*DATA PROVIDED*.
++++++++

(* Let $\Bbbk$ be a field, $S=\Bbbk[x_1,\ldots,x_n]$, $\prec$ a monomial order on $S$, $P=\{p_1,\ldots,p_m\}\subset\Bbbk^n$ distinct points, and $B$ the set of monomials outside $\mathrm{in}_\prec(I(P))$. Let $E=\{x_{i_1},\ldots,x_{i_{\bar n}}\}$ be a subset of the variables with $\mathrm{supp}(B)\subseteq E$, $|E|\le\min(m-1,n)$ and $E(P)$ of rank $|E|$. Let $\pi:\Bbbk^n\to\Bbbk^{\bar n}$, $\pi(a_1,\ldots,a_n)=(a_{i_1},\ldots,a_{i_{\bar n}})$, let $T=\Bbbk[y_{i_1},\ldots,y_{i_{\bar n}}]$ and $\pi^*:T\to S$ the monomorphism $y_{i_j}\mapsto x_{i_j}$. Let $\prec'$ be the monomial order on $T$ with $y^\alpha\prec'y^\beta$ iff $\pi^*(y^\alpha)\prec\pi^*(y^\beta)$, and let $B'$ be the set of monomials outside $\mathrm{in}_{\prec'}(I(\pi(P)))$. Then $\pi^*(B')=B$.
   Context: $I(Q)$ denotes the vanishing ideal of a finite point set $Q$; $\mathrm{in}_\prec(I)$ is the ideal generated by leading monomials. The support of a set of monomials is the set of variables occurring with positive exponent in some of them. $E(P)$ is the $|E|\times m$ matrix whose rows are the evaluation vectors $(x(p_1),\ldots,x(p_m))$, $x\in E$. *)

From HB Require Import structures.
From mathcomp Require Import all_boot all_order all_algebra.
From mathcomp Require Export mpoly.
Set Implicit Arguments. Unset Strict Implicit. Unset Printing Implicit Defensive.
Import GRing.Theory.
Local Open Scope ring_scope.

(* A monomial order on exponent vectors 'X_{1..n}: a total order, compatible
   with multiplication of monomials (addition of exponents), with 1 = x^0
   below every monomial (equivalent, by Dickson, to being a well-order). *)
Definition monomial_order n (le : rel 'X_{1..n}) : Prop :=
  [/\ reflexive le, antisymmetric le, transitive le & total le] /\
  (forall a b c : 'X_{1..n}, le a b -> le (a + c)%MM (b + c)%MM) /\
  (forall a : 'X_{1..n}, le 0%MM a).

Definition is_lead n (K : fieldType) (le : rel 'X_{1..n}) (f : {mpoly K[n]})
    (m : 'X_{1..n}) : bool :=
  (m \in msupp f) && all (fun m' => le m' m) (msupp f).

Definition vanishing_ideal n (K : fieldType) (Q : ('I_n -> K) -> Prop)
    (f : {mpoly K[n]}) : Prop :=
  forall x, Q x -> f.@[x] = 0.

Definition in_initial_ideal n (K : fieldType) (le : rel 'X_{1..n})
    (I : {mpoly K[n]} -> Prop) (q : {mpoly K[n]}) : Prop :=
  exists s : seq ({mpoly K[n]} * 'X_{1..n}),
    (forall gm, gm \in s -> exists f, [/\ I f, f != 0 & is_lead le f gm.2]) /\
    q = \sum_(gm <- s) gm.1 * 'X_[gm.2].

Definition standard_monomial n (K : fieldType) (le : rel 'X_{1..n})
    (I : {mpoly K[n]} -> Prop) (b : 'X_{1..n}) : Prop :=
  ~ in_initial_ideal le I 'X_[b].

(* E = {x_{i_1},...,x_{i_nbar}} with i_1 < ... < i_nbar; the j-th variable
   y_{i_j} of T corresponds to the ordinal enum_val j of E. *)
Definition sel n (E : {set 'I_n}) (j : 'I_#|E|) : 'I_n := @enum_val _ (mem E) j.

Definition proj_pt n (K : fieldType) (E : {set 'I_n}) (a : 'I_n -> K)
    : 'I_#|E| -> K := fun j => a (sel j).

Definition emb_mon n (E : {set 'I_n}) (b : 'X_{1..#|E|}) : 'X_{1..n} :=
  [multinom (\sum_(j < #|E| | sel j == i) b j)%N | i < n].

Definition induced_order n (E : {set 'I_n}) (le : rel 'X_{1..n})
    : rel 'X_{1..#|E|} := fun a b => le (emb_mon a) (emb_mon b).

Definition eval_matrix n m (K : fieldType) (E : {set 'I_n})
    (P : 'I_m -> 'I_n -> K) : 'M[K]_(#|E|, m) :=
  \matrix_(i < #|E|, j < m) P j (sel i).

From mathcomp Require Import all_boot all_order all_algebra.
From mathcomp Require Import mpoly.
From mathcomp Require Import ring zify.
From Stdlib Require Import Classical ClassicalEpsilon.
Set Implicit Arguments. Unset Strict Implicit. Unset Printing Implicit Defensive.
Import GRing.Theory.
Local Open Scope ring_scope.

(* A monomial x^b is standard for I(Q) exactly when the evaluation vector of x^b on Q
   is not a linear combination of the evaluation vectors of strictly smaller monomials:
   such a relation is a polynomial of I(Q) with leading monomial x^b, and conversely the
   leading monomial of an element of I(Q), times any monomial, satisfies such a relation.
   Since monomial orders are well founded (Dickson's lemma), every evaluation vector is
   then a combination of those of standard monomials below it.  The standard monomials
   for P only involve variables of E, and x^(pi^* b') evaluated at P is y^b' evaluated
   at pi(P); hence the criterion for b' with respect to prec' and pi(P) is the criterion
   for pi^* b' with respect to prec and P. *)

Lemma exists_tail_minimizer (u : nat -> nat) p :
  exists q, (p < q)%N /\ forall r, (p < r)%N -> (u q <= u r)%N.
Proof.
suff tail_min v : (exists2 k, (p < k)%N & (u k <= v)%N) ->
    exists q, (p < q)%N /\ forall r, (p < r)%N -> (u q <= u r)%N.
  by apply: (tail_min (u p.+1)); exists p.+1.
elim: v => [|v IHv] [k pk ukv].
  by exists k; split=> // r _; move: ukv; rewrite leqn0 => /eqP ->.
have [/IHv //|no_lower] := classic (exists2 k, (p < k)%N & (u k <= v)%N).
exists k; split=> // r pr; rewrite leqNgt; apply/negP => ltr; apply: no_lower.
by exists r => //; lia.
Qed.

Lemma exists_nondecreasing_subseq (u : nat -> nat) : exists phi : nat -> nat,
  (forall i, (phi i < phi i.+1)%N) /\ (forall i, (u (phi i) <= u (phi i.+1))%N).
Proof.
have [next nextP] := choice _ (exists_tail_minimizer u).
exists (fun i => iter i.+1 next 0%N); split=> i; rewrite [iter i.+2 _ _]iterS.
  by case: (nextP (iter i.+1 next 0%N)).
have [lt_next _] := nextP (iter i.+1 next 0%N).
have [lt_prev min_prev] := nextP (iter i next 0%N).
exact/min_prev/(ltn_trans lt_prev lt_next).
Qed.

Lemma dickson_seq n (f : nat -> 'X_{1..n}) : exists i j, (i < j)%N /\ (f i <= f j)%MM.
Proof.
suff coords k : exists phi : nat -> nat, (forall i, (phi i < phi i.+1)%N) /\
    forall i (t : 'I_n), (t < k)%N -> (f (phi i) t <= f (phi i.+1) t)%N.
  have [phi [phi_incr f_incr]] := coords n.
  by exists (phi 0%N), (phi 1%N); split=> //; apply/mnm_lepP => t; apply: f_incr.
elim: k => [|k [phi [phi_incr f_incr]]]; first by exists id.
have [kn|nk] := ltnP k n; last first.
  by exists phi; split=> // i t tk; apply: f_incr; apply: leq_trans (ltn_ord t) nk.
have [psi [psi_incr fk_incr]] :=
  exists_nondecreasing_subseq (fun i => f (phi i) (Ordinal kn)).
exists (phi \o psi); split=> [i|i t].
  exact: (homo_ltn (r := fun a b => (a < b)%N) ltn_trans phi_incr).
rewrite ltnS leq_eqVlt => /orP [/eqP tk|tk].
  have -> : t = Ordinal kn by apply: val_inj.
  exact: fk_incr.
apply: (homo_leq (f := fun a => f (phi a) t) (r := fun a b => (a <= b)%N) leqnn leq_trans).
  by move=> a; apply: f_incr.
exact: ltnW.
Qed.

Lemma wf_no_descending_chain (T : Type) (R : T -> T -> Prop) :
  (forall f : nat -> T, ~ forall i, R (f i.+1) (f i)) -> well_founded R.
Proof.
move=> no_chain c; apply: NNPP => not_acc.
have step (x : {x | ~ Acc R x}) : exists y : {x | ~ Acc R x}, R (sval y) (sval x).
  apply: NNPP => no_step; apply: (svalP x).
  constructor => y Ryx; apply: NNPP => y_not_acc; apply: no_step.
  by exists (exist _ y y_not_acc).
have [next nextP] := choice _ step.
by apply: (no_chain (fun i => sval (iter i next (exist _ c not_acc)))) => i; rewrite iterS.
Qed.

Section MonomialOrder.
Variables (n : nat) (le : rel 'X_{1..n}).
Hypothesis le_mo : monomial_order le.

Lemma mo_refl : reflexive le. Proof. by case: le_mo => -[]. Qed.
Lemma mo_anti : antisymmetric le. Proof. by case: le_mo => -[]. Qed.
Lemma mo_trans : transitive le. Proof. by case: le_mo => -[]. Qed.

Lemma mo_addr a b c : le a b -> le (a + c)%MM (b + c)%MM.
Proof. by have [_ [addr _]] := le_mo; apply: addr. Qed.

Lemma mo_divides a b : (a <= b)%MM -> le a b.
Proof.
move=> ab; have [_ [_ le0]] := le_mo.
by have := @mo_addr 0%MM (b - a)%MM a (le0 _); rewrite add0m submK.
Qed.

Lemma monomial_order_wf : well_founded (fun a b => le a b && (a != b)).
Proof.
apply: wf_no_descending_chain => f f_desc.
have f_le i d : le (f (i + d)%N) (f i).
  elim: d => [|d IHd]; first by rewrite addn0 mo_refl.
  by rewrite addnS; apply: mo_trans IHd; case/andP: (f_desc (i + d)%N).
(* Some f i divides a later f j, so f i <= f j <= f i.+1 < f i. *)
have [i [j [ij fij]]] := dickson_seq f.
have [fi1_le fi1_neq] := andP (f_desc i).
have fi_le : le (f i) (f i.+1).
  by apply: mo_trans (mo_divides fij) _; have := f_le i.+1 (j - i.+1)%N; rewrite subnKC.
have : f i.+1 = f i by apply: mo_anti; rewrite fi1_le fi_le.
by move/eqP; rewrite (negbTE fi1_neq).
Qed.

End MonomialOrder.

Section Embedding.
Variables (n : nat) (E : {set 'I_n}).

++++++++

*WORK REQUIRED*. The output should be exactly the lines above from the line containing "by apply: (no_chain" to the line containing "have fi_le : le (f i) (f i.+1).", inclusive, with no other lines.

*REPLY TO THE EXERCISE*.
by apply: (no_chain (fun i => sval (iter i next (exist _ c not_acc)))) => i; rewrite iterS.
Qed.

Section MonomialOrder.
Variables (n : nat) (le : rel 'X_{1..n}).
Hypothesis le_mo : monomial_order le.

Lemma mo_refl : reflexive le. Proof. by case: le_mo => -[]. Qed.
Lemma mo_anti : antisymmetric le. Proof. by case: le_mo => -[]. Qed.
Lemma mo_trans : transitive le. Proof. by case: le_mo => -[]. Qed.

Lemma mo_addr a b c : le a b -> le (a + c)%MM (b + c)%MM.
Proof. by have [_ [addr _]] := le_mo; apply: addr. Qed.

Lemma mo_divides a b : (a <= b)%MM -> le a b.
Proof.
move=> ab; have [_ [_ le0]] := le_mo.
by have := @mo_addr 0%MM (b - a)%MM a (le0 _); rewrite add0m submK.
Qed.

Lemma monomial_order_wf : well_founded (fun a b => le a b && (a != b)).
Proof.
apply: wf_no_descending_chain => f f_desc.
have f_le i d : le (f (i + d)%N) (f i).
  elim: d => [|d IHd]; first by rewrite addn0 mo_refl.
  by rewrite addnS; apply: mo_trans IHd; case/andP: (f_desc (i + d)%N).
(* Some f i divides a later f j, so f i <= f j <= f i.+1 < f i. *)
have [i [j [ij fij]]] := dickson_seq f.
have [fi1_le fi1_neq] := andP (f_desc i).
have fi_le : le (f i) (f i.+1).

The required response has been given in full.